Gone are the days when the norm was to work one job at one company until retirement. We have a much more mobile workforce with more opportunities, and people change jobs often to avail themselves of perceived advantages, better pay, and better work-life balance.

But sometimes when you change jobs, the benefits don’t materialize as you’d expected, and regrets ensue.

So, the challenge is to accurately evaluate whether the perceived payoffs will become reality and if they’re worth the cost of changing jobs.

Early in my career, I accepted a position in management with a great salary. I thought this was an ideal job. Wrong.

I didn’t fully assess the cost of this employment. I hadn’t studied their mission statement, which would have flashed a neon warning that our values were not aligned and would become a daily, stress-filled battle. The job was a full hour’s drive away in gridlock traffic, which consumed two hours of my “leisure” life. To get to work on time, I had to drop my infant daughter at the babysitter’s by 5a.m., and it was dark when I picked her up at night; she thought I was the babysitter and the babysitter her mother. Then there was the cost of childcare.

When all these negatives finally converged, I realized this “great” job cost too much in terms of quality of life and the quality of relationship with my child.

So when you consider accepting a new job, think of how it will affect your home life. Take off the rose-colored glasses and think brutally. Does it require too much time away from family? Money is no substitute for rewarding family relationships, so don’t assume that your family wants things more than it wants you.

What about your quality of life? Are you going to be spending much of your off hours sitting in a car in traffic? What about the cost of commuting—for example, fuel and time? Even if you’re keen on audiobooks, that still limits any time you can spend with friends going to the theatre, to a concert, to a pub, to the bowling alley. Is this job worth the cost of impairing your social network?

Don’t diminish the cost of leaving familiar co-workers—even the annoying ones because there are always more annoying co-workers in a future job. One co-worker has the latest jokes; another has the latest grapevine news, and there’s the one who always makes you smile with his music trivia. There’s also the familiarity of a routine—mundane things like where and when you take your breaks or eat your lunch and with whom.

There’s a loss in leaving familiar co-workers and routines behind. This is why “comfort food” is comforting—because it’s familiar and filled with memories. When you leave a job, you’ll be out of your comfort zone, learning new things, acclimating to new people, establishing new routines. Until the new becomes old, there will be a cost to pay for the loss of familiarity.

And, of course, leaving your comfort zone can make you anxious. How well do you cope with anxiety and the stress of the unknown? Don’t underestimate the mental resources needed to cope successfully with your new challenges.

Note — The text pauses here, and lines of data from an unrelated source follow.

(* Let $n\ge2$, let $a=(a_1,\dots,a_n)$ and $b=(b_1,\dots,b_n)$ be real sequences, and let $t=(t_1,\dots,t_n)\in T_a\cap T_b$. Let $p=(p_1,\dots,p_n)\in[0,\infty)^n$ with at least two $p_i$ positive (so that $S_{n,p}(t,t)>0$). Then $$S_{n,p}(a,b)\ge \frac{S_{n,p}(a,t)\,S_{n,p}(b,t)}{S_{n,p}(t,t)}.$$
   Context: For a real sequence $(x_i)$, $\Delta x_i=x_{i+1}-x_i$. ''Increasing'' means strictly increasing. For a real sequence $a=(a_i)_{i=1}^n$, $T_a$ denotes the set of increasing real sequences $(t_i)_{i=1}^n$ such that $(\Delta a_i/\Delta t_i)_{i=1}^{n-1}$ is non-decreasing. For $p\in[0,\infty)^n$ with $P_n=\sum_{i=1}^n p_i>0$ and $x,y\in\mathbb{R}^n$: $M_{n,p}(x)=\frac1{P_n}\sum_{i=1}^n p_ix_i$, $xy=(x_1y_1,\dots,x_ny_n)$, and $S_{n,p}(x,y)=M_{n,p}(xy)-M_{n,p}(x)M_{n,p}(y)$. *)

From mathcomp Require Import all_boot all_order all_algebra.
Set Implicit Arguments. Unset Strict Implicit. Unset Printing Implicit Defensive.
Import Order.TTheory GRing.Theory Num.Theory.
Local Open Scope ring_scope.

(* Convention: a real sequence (x_1,...,x_n) is represented by a function
   x : nat -> R, using 0-based indices 0,...,n-1 (x_{i+1} in the paper is x i).
   Values outside 0..n-1 are irrelevant. *)

Definition Delta (R : pzRingType) (x : nat -> R) (i : nat) : R := x i.+1 - x i.

Definition increasing_seq (R : realFieldType) (n : nat) (t : nat -> R) : Prop :=
  forall i : nat, (i.+1 < n)%N -> t i < t i.+1.

Definition in_T (R : realFieldType) (n : nat) (a t : nat -> R) : Prop :=
  increasing_seq n t /\
  forall i : nat, (i.+2 < n)%N ->
    Delta a i / Delta t i <= Delta a i.+1 / Delta t i.+1.

Definition Psum (R : realFieldType) (n : nat) (p : nat -> R) : R :=
  \sum_(i < n) p i.

Definition Mean (R : realFieldType) (n : nat) (p x : nat -> R) : R :=
  (Psum n p)^-1 * \sum_(i < n) p i * x i.

Definition Scov (R : realFieldType) (n : nat) (p x y : nat -> R) : R :=
  Mean n p (fun i => x i * y i) - Mean n p x * Mean n p y.

From mathcomp Require Import all_boot all_order all_algebra.
From mathcomp Require Import ring lra zify.
Import Order.TTheory GRing.Theory Num.Theory.
Set Implicit Arguments. Unset Strict Implicit. Unset Printing Implicit Defensive.
Local Open Scope ring_scope.

(* 1. S is bilinear, symmetric and kills constants, and every sequence is
      x_i = x_0 + sum_k Delta x_k [k < i].  Hence, with the step sequences
      e_k = ([k < i])_i and the "tail masses" F_k = M(e_k),
        S(x,y) = sum_{k,l} Delta x_k Delta y_l S(e_k,e_l),
        S(e_k,e_l) = (1 - F_{min(k,l)}) F_{max(k,l)}.
   2. Writing r_k = Delta x_k / Delta t_k (the slopes of x against t), this is
      S(x,y) = Q(r^x, r^y) for the bilinear form Q(r,s) = sum r_k s_l w_kl with
      kernel w_kl = Delta t_k Delta t_l S(e_k,e_l); S(x,t) = Q(r^x,1).
   3. Since F is non-increasing in [0,1], w is totally positive of order 2
      (TP2).  A Chebyshev inequality for TP2 kernels and non-decreasing r, s
      gives Q(r,1) Q(1,s) <= Q(1,1) Q(r,s); t in T_a /\ T_b says exactly that
      the slopes of a and b are non-decreasing.
   4. S(t,t) = Q(1,1) > 0 because two weights are positive, and we divide. *)

Lemma ler_sum_term (R : numDomainType) (m : nat) (F : nat -> R) (i : nat) :
  (forall k, (k < m)%N -> 0 <= F k) -> (i < m)%N -> F i <= \sum_(k < m) F k.
Proof.
move=> F_ge0 lt_im; rewrite (bigD1 (Ordinal lt_im)) //= lerDl.
by apply: sumr_ge0 => k _; exact: F_ge0.
Qed.

(* For an antisymmetric E, sum u_k E_kk' is half of sum (u_k - u_k') E_kk',
   so it is non-negative as soon as every pair k <= k' contributes >= 0. *)
Lemma antisym_sum_ge0 (R : realFieldType) (m : nat) (u : nat -> R)
    (E : nat -> nat -> R) :
  (forall k k', E k' k = - E k k') ->
  (forall k k', (k <= k')%N -> (k' < m)%N -> 0 <= (u k' - u k) * E k' k) ->
  0 <= \sum_(k < m) \sum_(k' < m) u k * E k k'.
Proof.
move=> E_anti E_pair.
set X := \sum_(k < m) \sum_(k' < m) u k * E k k'.
have twoX : X + X = \sum_(k < m) \sum_(k' < m) (u k - u k') * E k k'.
  rewrite {2}/X exchange_big /= /X -big_split; apply: eq_bigr => k _.
  rewrite -big_split; apply: eq_bigr => k' _ /=; rewrite E_anti; ring.
suff : 0 <= X + X by lra.
rewrite twoX; apply: sumr_ge0 => k _; apply: sumr_ge0 => k' _.
case: (leqP k k') => [le_kk'|lt_k'k]; last exact: E_pair (ltnW lt_k'k) (ltn_ord k).
by rewrite -[E k k']opprK -E_anti mulrN -mulNr opprB E_pair.
Qed.

Definition nondecreasing_on (R : realFieldType) (m : nat) (u : nat -> R) : Prop :=
  forall k k', (k <= k')%N -> (k' < m)%N -> u k <= u k'.

Lemma nondecreasing_onS (R : realFieldType) (m : nat) (u : nat -> R) :
  (forall k, (k.+1 < m)%N -> u k <= u k.+1) -> nondecreasing_on m u.
Proof.
move=> u_step k k'; elim: k' => [|k' IH] le_kk' lt_k'm.
  by have -> : k = 0%N by lia.
case: (leqP k k') => [le_kk'' | lt_k'k].
  exact: le_trans (IH le_kk'' (ltnW lt_k'm)) (u_step k' lt_k'm).
by have -> : k = k'.+1 by lia.
Qed.

Definition TP2 (R : realFieldType) (m : nat) (w : nat -> nat -> R) : Prop :=
  forall k k' l l', (k <= k')%N -> (l <= l')%N -> (k' < m)%N -> (l' < m)%N ->
    w k' l * w k l' <= w k l * w k' l'.

Definition kform (R : realFieldType) (m : nat) (w : nat -> nat -> R)
    (r s : nat -> R) : R :=
  \sum_(l < m) \sum_(k < m) r k * s l * w k l.

Lemma kform_ext (R : realFieldType) (m : nat) (w : nat -> nat -> R)
    (r r' s s' : nat -> R) :
  (forall k, (k < m)%N -> r k = r' k) -> (forall l, (l < m)%N -> s l = s' l) ->
  kform m w r s = kform m w r' s'.
Proof.
move=> er es; apply: eq_bigr => l _; apply: eq_bigr => k _.
by rewrite er ?es.
Qed.

Section TP2Chebyshev.
Variables (R : realFieldType) (m : nat) (w : nat -> nat -> R) (r s : nat -> R).
Hypotheses (w_TP2 : TP2 m w) (r_mono : nondecreasing_on m r)
  (s_mono : nondecreasing_on m s).

Let col_r (l : nat) : R := \sum_(k < m) r k * w k l.
Let col (l : nat) : R := \sum_(k < m) w k l.

(* The r-mean col_r l / col l of column l of a TP2 kernel increases with l
   (stated in cross-multiplied form, so no positivity of col is needed). *)
Lemma TP2_column_mean l l' : (l <= l')%N -> (l' < m)%N ->
  col_r l * col l' <= col_r l' * col l.
Proof.
move=> le_ll' lt_l'm; rewrite -subr_ge0.
have -> : col_r l' * col l - col_r l * col l' = \sum_(k < m) \sum_(k' < m)
    r k * (w k l' * w k' l - w k l * w k' l').
  rewrite /col_r /col !mulr_suml -sumrB; apply: eq_bigr => k _.
  rewrite !mulr_sumr -sumrB; apply: eq_bigr => k' _; ring.
apply: (antisym_sum_ge0 (E := fun k k' => w k l' * w k' l - w k l * w k' l'))
  => [k k' | k k' le_kk' lt_k'm]; first ring.
apply: mulr_ge0; first by rewrite subr_ge0 r_mono.
by rewrite subr_ge0 [X in _ <= X]mulrC w_TP2.
Qed.

Lemma kform_chebyshev :
  kform m w r (fun=> 1) * kform m w (fun=> 1) s
  <= kform m w (fun=> 1) (fun=> 1) * kform m w r s.
Proof.
have expand (f g : nat -> R) :
    kform m w f g = \sum_(l < m) g l * (\sum_(k < m) f k * w k l).
  by apply: eq_bigr => l _; rewrite mulr_sumr; apply: eq_bigr => k _; ring.
have one_col l : \sum_(k < m) 1 * w k l = col l.
  by apply: eq_bigr => k _; rewrite mul1r.
rewrite !expand -subr_ge0.
under eq_bigr do rewrite mul1r one_col.
under [X in _ - X * _]eq_bigr do rewrite mul1r.
under [X in _ - _ * X]eq_bigr do rewrite one_col.
rewrite (_ : _ - _ = \sum_(l < m) \sum_(l' < m)
                       s l * (col_r l * col l' - col_r l' * col l)); last first.
  rewrite mulrC [X in _ - X]mulrC !mulr_suml -sumrB; apply: eq_bigr => l _.
  rewrite mulr_sumr [X in _ - X]mulr_sumr -sumrB.
  by apply: eq_bigr => l' _; rewrite /col_r; ring.
apply: (antisym_sum_ge0 (E := fun l l' => col_r l * col l' - col_r l' * col l))
  => [l l' | l l' le_ll' lt_l'm]; first ring.
apply: mulr_ge0; first by rewrite subr_ge0 s_mono.
by rewrite subr_ge0 TP2_column_mean.
Qed.

End TP2Chebyshev.

Lemma mul_minmax (R : realFieldType) (f : nat -> R) (k l : nat) :
  f k * f l = f (minn k l) * f (maxn k l).
Proof. by case: (leqP k l) => // _; rewrite mulrC. Qed.

Lemma TP2_minmax (R : realFieldType) (m : nat) (f g : nat -> R) :
  {homo f : k l / (k <= l)%N >-> k <= l} -> (forall k, 0 <= f k) ->
  {homo g : k l / (k <= l)%N >-> l <= k} -> (forall k, 0 <= g k) ->
  TP2 m (fun k l => f (minn k l) * g (maxn k l)).
Proof.
move=> f_mono f_ge0 g_anti g_ge0 k k' l l' le_kk' le_ll' _ _.
have f_ineq : f (minn k' l) * f (minn k l') <= f (minn k l) * f (minn k' l').
  rewrite mul_minmax (_ : minn k l = minn (minn k' l) (minn k l')); last by lia.
  by apply: ler_wpM2l => //; apply: f_mono; lia.
have g_ineq : g (maxn k' l) * g (maxn k l') <= g (maxn k l) * g (maxn k' l').
  rewrite mul_minmax (_ : maxn k' l' = maxn (maxn k' l) (maxn k l')); last by lia.
  by apply: ler_wpM2r => //; apply: g_anti; lia.
have := ler_pM (mulr_ge0 (f_ge0 _) (f_ge0 _)) (mulr_ge0 (g_ge0 _) (g_ge0 _))
  f_ineq g_ineq.
by rewrite mulrACA [X in _ <= X -> _]mulrACA [X in _ <= X]mulrACA mulrACA.
Qed.
Lemma lspan_coord ws y : lspan ws y ->
  exists c : 'I_(size ws) -> R, (forall i, k (c i)) /\ y = \sum_(i < size ws) c i * ws`_i.
Proof.
have [k0 _ _ _ _] := ks.
elim: ws y => [|w ws IH] y /=; first by move->; exists (fun=> 0); rewrite big_ord0.
case=> c0 kc0 /IH [c [kc Hc]].
exists (fun i : 'I_(size ws).+1 => if unlift ord0 i is Some j then c j else c0).
split=> [i|]; first by case: (unlift ord0 i).
rewrite big_ord_recl /= unlift_none.
under eq_bigr => i _ do rewrite liftK.
by rewrite -Hc addrC subrK.
Qed.

Hypothesis divR : is_division_ring R.

(* Induction on the spanning list: either [V] already lies in the span of its
   tail, or some [v0 \in V] has a nonzero coefficient on the head and replaces it. *)
Lemma lsubspace_spanned ws (V : set R) : is_lsubspace V ->
  (forall y, V y -> lspan ws y) ->
  exists2 s, (forall v, v \in s -> V v) & forall y, V y -> lspan s y.
Proof.
have [_ _ kB kM kV] := ks.
elim: ws V => [|w ws IH] V [V0 VB VM] Vws; first by exists [::].
pose V' := V `&` lspan ws.
have V'sub : is_lsubspace V'.
  have [W0 WB WM] := lspan_lsubspace ws.
  by split=> [|a b [Va Wa] [Vb Wb]|c a kc [Va Wa]]; split; auto.
have [s sV' V's] := IH V' V'sub (fun y => @proj2 _ _).
have [[v0 [Vv0 v0ws]]|] := pselect (exists v, V v /\ ~ lspan ws v); last first.
  move=> VW; exists s => [v /sV' []//|y Vy]; apply: V's; split=> //.
  by apply: contrapT => yW; apply: VW; exists y.
have [c0 kc0 Hv0] := Vws v0 Vv0.
have c0_unit : c0 \is a GRing.unit.
  by apply: divR; apply: contra_notN v0ws => /eqP c00; rewrite c00 mul0r subr0 in Hv0.
have kc0V : k c0^-1 by apply: kV => //; apply: contraTneq c0_unit => ->; rewrite unitr0.
exists (v0 :: s) => [v|y Vy /=].
  by rewrite in_cons => /orP[/eqP->|/sV'[]].
have [cy kcy Hy] := Vws y Vy.
exists (cy * c0^-1); first exact: kM.
apply: V's; split; first by apply: VB => //; apply: VM => //; exact: kM.
have <- : (y - cy * w) - (cy * c0^-1) * (v0 - c0 * w) = y - cy * c0^-1 * v0.
  by rewrite mulrBr mulrA mulrVK // opprB addrA subrK.
have [_ WB WM] := lspan_lsubspace ws.
by apply: WB => //; apply: WM => //; exact: kM.
Qed.

Lemma left_findim_lspan ws (V : set R) : is_lsubspace V ->
  (forall y, V y -> lspan ws y) -> left_findim k V.
Proof.
move=> Vsub /(lsubspace_spanned Vsub) [s sV Vs].
by exists s; split=> // y /Vs /lspan_coord.
Qed.

End LeftSpan.

Definition inner_separated (R : unitRingType) (L : set R) n (s : 'I_n -> R -> R) :=
  forall i j c, c != 0 -> (forall a, L a -> c * s i a = s j a * c) -> i = j.

Lemma inner_separated_converse (R : unitRingType) (L : set R) n (s : 'I_n -> R -> R) :
  inner_separated L s -> inner_separated (L : set R^c) s.
Proof. by move=> sep i j c c0 sc; apply/esym/(sep j i c c0) => a /sc. Qed.

Lemma subfield_converse (R : unitRingType) (k : set R) :
  is_subfield k -> is_subfield (k : set R^c).
Proof. by case=> k0 k1 kB kM kV; split=> // a b ka kb; exact: kM. Qed.

Lemma gen_subfield_subfield (R : unitRingType) (k : set R) x :
  is_subfield (gen_subfield k x).
Proof.
split=> [S|S|a b a_ b_ S|a b a_ b_ S|a a_ a0 S] Ss kS Sx;
  case: (Ss) => S0 S1 SB SM SV //.
- by apply: SB; [exact: a_|exact: b_].
- by apply: SM; [exact: a_|exact: b_].
- by apply: SV; [exact: a_|].
Qed.

Lemma sub_gen_subfield (R : unitRingType) (k : set R) x : k `<=` gen_subfield k x.
Proof. by move=> a ka S _ kS _; exact: kS. Qed.

Lemma subfield_lsubspace (R : unitRingType) (k V : set R) :
  is_subfield V -> k `<=` V -> is_lsubspace k V.
Proof. by case=> V0 _ VB VM _ kV; split=> // c a /kV; exact: VM. Qed.

Section RingAut.
Variables (R : unitRingType) (f : R -> R).
Hypothesis f_aut : is_ring_aut f.

Lemma ring_aut0 : f 0 = 0.
Proof. by case: f_aut => fD _ _ _; apply: (addrI (f 0)); rewrite -fD !addr0. Qed.

Lemma ring_autB a b : f (a - b) = f a - f b.
Proof.
case: f_aut => fD _ _ _; apply: (addIr (f b)).
by rewrite -fD !subrK.
Qed.

Lemma ring_aut_sum (I : Type) (r : seq I) (F : I -> R) :
  f (\sum_(i <- r) F i) = \sum_(i <- r) f (F i).
Proof. by case: f_aut => fD _ _ _; apply: (big_morph f fD ring_aut0). Qed.

Lemma ring_autV : is_division_ring R -> forall a, f a^-1 = (f a)^-1.
Proof.
case: f_aut => _ fM f1 _ divR a; have [->|a0] := eqVneq a 0.
  by rewrite invr0 ring_aut0 invr0.
have au : a \is a GRing.unit by exact: divR.
have fau : f a \is a GRing.unit.
  by apply/unitrP; exists (f a^-1); rewrite -!fM mulrV ?mulVr.
by apply: (mulrI fau); rewrite -fM !mulrV.
Qed.

End RingAut.

Lemma is_subfield_equalizer (R : unitRingType) (I : Type) (P : I -> Prop)
  (f g : I -> R -> R) : is_division_ring R ->
  (forall i, is_ring_aut (f i)) -> (forall i, is_ring_aut (g i)) ->
  is_subfield [set y | forall i, P i -> f i y = g i y].
Proof.
move=> divR fa ga; split=> [i _|i _|a b fa_ fb i Pi|a b fa_ fb i Pi|a fa_ _ i Pi].
- by rewrite !ring_aut0.
- by case: (fa i) => _ _ ->; case: (ga i) => _ _ ->.
- by rewrite !ring_autB // fa_ // fb.
- by case: (fa i) => _ -> _ _; case: (ga i) => _ -> _ _; rewrite fa_ // fb.
- by rewrite !ring_autV // fa_.
Qed.

(* In an outer extension a nonzero [c] with [c a = a c] on [k] is central, so the
   twisted relation [c f = g c] collapses to [f = g]. *)
Lemma outer_twisted_eq (R : unitRingType) (k L : set R) (f g : R -> R) (c : R) :
  is_division_ring R -> outer_ext k -> k `<=` L ->
  (forall a, k a -> f a = a) -> (forall a, k a -> g a = a) -> c != 0 ->
  (forall a, L a -> c * f a = g a * c) -> forall a, L a -> f a = g a.
Proof.
move=> divR outer kL fk gk c0 cfg; have cu : c \is a GRing.unit by exact: divR.
have c_central : forall y, c * y * c^-1 = y.
  by apply: outer => // a ka; have := cfg a (kL a ka); rewrite fk // gk // => ->; rewrite mulrK.
by move=> a La; rewrite -[LHS]c_central cfg // mulrK.
Qed.

Section Dedekind.
Variables (R : unitRingType) (L : set R) (n : nat) (s : 'I_n -> R -> R).
Hypotheses (divR : is_division_ring R) (L1 : L 1)
  (LM : forall a b, L a -> L b -> L (a * b))
  (sM : forall i a b, L a -> L b -> s i (a * b) = s i a * s i b)
  (s1 : forall i, s i 1 = 1)
  (s_sep : inner_separated L s).

Definition is_combination (v : 'I_n -> R) : Prop :=
  exists2 r : seq (R * R), (forall p, p \in r -> L p.2) &
    forall i, v i = \sum_(p <- r) p.1 * s i p.2.

Lemma is_combination1 : is_combination (fun=> 1).
Proof.
by exists [:: (1, 1)] => [p|i]; rewrite ?mem_seq1 ?big_seq1 /= ?s1 ?mulr1 // => /eqP->.
Qed.

Lemma is_combinationB v w : is_combination v -> is_combination w ->
  is_combination (fun i => v i - w i).
Proof.
move=> [rv rvL vE] [rw rwL wE]; exists (rv ++ [seq (- p.1, p.2) | p <- rw]).
  by move=> p; rewrite mem_cat => /orP[/rvL|/mapP[q /rwL ? ->]].
move=> i; rewrite vE wE big_cat big_map -sumrN.
by congr (_ + _); apply: eq_bigr => p _; rewrite mulNr.
Qed.

Lemma is_combinationZ c v : is_combination v -> is_combination (fun i => c * v i).
Proof.
move=> [r rL vE]; exists [seq (c * p.1, p.2) | p <- r] => [p /mapP[q /rL ? ->]//|i].
by rewrite vE big_map mulr_sumr; apply: eq_bigr => p _; rewrite mulrA.
Qed.

Lemma is_combination_twist a v : L a -> is_combination v ->
  is_combination (fun i => v i * s i a).
Proof.
move=> La [r rL vE]; exists [seq (p.1, p.2 * a) | p <- r].
  by move=> p /mapP[q qr ->]; apply: LM => //; exact: rL.
move=> i; rewrite vE big_map mulr_suml big_seq [RHS]big_seq.
by apply: eq_bigr => p pr; rewrite sM ?mulrA //; exact: rL.
Qed.

(* Twisting by [a] and subtracting [s m a] times [v] kills the [m]-th entry but
   not the [i]-th one; rescaling then clears entry [i] of [v]. *)
Lemma is_combination_shrink m i v : is_combination v -> v m = 1 -> i != m ->
  v i != 0 -> exists2 w, is_combination w &
    [/\ w m = 1, w i = 0 & forall j, v j = 0 -> w j = 0].
Proof.
move=> vc vm im vi.
have [a La sa] : exists2 a, L a & v i * s i a != s m a * v i.
  apply: contrapT => noa; move/eqP: im; apply.
  apply: (s_sep vi) => a La; apply: contrapT => ne; apply: noa.
  by exists a => //; apply/eqP.
pose u j := v j * s j a - s m a * v j.
have uc : is_combination u.
  by apply: is_combinationB; [apply: is_combination_twist|apply: is_combinationZ].
have ui : u i \is a GRing.unit by apply: divR; rewrite subr_eq0.
exists (fun j => v j - v i / u i * u j).
  by apply: is_combinationB => //; apply: is_combinationZ.
split=> [||j vj]; first by rewrite /u vm mul1r mulr1 subrr mulr0 subr0.
  by rewrite mulrVK // subrr.
by rewrite /u vj mul0r mulr0 subrr mulr0 subrr.
Qed.

Lemma dedekind_delta m : exists2 r : seq (R * R), (forall p, p \in r -> L p.2) &
  forall i, \sum_(p <- r) p.1 * s i p.2 = (i == m)%:R.
Proof.
suff [r rL rv] : is_combination (fun i => (i == m)%:R) by exists r => // i; rewrite rv.
suff reduce N v : is_combination v -> v m = 1 -> (#|[pred i | v i != 0%R]| <= N)%N ->
    is_combination (fun i => (i == m)%:R).
  apply: (reduce n _ is_combination1) => //.
  by apply: leq_trans (max_card _) _; rewrite card_ord.
elim: N v => [|N IH] v vc vm.
  by rewrite leqn0 => /eqP/card0_eq/(_ m); rewrite !inE vm oner_eq0.
move=> vN; have [[i im vi]|] := pselect (exists2 i, i != m & v i != 0); last first.
  move=> vdelta; case: vc => r rL rv; exists r => // i.
  have [->|im] := eqVneq i m; rewrite -rv ?vm //.
  by apply/esym/eqP; apply: contrapT => /negP vi; apply: vdelta; exists i.
have [w wc [wm wi wsupp]] := is_combination_shrink vc vm im vi.
apply: (IH w wc wm); rewrite -ltnS; apply: leq_trans vN; apply: proper_card.
apply/properP; split; last by exists i; rewrite !inE ?wi ?eqxx.
by apply/fintype.subsetP => j; rewrite !inE; apply: contra => /eqP/wsupp->.
Qed.

End Dedekind.
Lemma orth_pair_extend p : orth_pair e p ->
  exists u : LG e, p.1 \subset (val u).1 /\ p.2 \subset (val u).2.
Proof.
move=> orth_p.
pose P q := [&& orth_pair e q, p.1 \subset q.1 & p.2 \subset q.2].
have Pp : P p by rewrite /P orth_p !subxx.
case: (arg_maxnP (fun q => #|q.1| + #|q.2|) Pp) => q /and3P [orth_q sub1 sub2] qmax.
suff maxq : max_orth_pair e q by exists (exist _ q maxq).
apply/andP; split=> //; apply/forall_inP => r /andP [/andP [orth_r subq1] subq2].
have /qmax : P r by rewrite /P orth_r (subset_trans sub1) ?(subset_trans sub2).
move: (subset_leq_card subq1) (subset_leq_card subq2) => le1 le2 le12.
have eq1 : r.1 = q.1 by apply/esym/eqP; rewrite eqEcard subq1 /=; lia.
have eq2 : r.2 = q.2 by apply/esym/eqP; rewrite eqEcard subq2 /=; lia.
by rewrite [r]surjective_pairing eq1 eq2 -surjective_pairing.
Qed.

End MaximalOrthogonalPairs.

Lemma standard_example_le_dim (P : Type) (le : rel P) d (K : finType) (a b : K -> P) :
  embeds_in_Rd le d -> (forall i j, i != j -> le (a j) (b i)) ->
  (forall i, ~~ le (a i) (b i)) -> #|K| <= d.
Proof.
case=> f f_emb ab_le ab_nle.
have witness i : exists c : 'I_d, Rlt (f (b i) c) (f (a i) c).
  apply: not_all_not_ex => all_ge; move/negP: (ab_nle i); apply; apply/f_emb => c.
  exact: Rnot_lt_le (all_ge c).
have [g g_lt] := fin_all_exists witness.
have g_inj : injective g.
  move=> i j gij; apply/eqP/negPn/negP => nij.
  have nji : j != i by rewrite eq_sym.
  have := proj1 (f_emb _ _) (ab_le _ _ nij) (g i).
  have := proj1 (f_emb _ _) (ab_le _ _ nji) (g j).
  move: (g_lt i) (g_lt j); rewrite gij; lra.
by have := leq_card g g_inj; rewrite card_ord.
Qed.

Lemma embeds_in_Rd_nat (P : Type) (le : rel P) d (g : P -> 'I_d -> nat) (up : pred 'I_d) :
  (forall x y, le x y <-> forall i, if up i then g x i <= g y i else g y i <= g x i) ->
  embeds_in_Rd le d.
Proof.
move=> g_emb; exists (fun x i => if up i then INR (g x i) else Ropp (INR (g x i))) => x y.
rewrite g_emb; split=> le_xy i; move: (le_xy i); case: (up i) => H.
- by apply/le_INR/leP.
- by apply/Ropp_le_contravar/le_INR/leP.
- by apply/leP/INR_le.
- by apply/leP/INR_le/Ropp_le_cancel.
Qed.

Lemma LG_indep_le_dim (T : finType) (e : rel T) (K : finType) (x : K -> T) d :
  injective x -> (forall i j, i != j -> ~~ e (x i) (x j)) ->
  embeds_in_Rd (@LG_le T e) d -> #|K| <= d.
Proof.
move=> x_inj indep emb.
have top i : orth_pair e ([set x i], x @: [set j | j != i]).
  apply/orth_pairP; split=> [z | z y] /set1P -> /=.
    by apply/imsetP => [[j]]; rewrite inE => nji /x_inj eij; move: nji; rewrite eij eqxx.
  by case/imsetP => j; rewrite inE => nji ->; apply: indep; rewrite eq_sym.
have bot i : orth_pair e ([set z | (z != x i) && ~~ e z (x i)], [set x i]).
  by apply/orth_pairP; split=> [z | z y]; rewrite !inE => /andP [nzx nezx] // /eqP ->.
have [a a_top] := fin_all_exists (fun i => orth_pair_extend (top i)).
have [b b_bot] := fin_all_exists (fun i => orth_pair_extend (bot i)).
apply: (standard_example_le_dim (a := a) (b := b) emb).
- move=> i j nij; apply/subsetP => z z_aj.
  have [_ sub2] := a_top j; have [sub1 _] := b_bot i.
  have orth_aj := max_orth_pair_orth (valP (a j)).
  have xi_aj : x i \in (val (a j)).2.
    by apply: (subsetP sub2); apply/imsetP; exists i; rewrite ?inE.
  apply: (subsetP sub1); rewrite inE (orth_pair_noedge orth_aj z_aj xi_aj) andbT.
  by apply: contraTneq xi_aj => <-; apply: orth_pair_disj orth_aj z_aj.
- move=> i; apply/negP => /subsetP sub.
  have [sub1 _] := a_top i; have [_ sub2] := b_bot i.
  have := orth_pair_disj (max_orth_pair_orth (valP (b i))) (sub _ (subsetP sub1 _ (set11 _))).
  by rewrite (subsetP sub2 _ (set11 _)).
Qed.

And again, the stress you face will likely impact your family as well.

If a higher salary is the reason for your change, then how much more will you reasonably earn? Not just the salary on paper, but the real cost? That supposedly great job early in my career? After I’d calculated the costs of fuel, time, babysitter, special clothes, I figured I was sacrificing all that was important to me for only a few hundred dollars per month! Not worth it.

How many more hours per week will you be working to earn this higher salary? On a per hour basis, is it as much as you’d expected?

I remember one co-worker changing jobs because he’d been offered two dollars more per hour, which sounded like a hefty pay increase to him. What he did not factor in was his total pay and benefits he was exchanging. He didn’t consider that he was contracting to work fewer hours per month, and in the process, lost his medical benefits.

The upshot was that his two dollar an hour pay increase actually caused him to lose pay to the tune of $500 per month! Not a smart financial move. So if pay is a major consideration in your next career move, make sure you compute actual take-home pay, not a theoretical pay raise.

It’s not that you should never take another job. The upshot is that you need to fully consider all the costs of changing employment and analytically decide whether the cost is worth the rewards.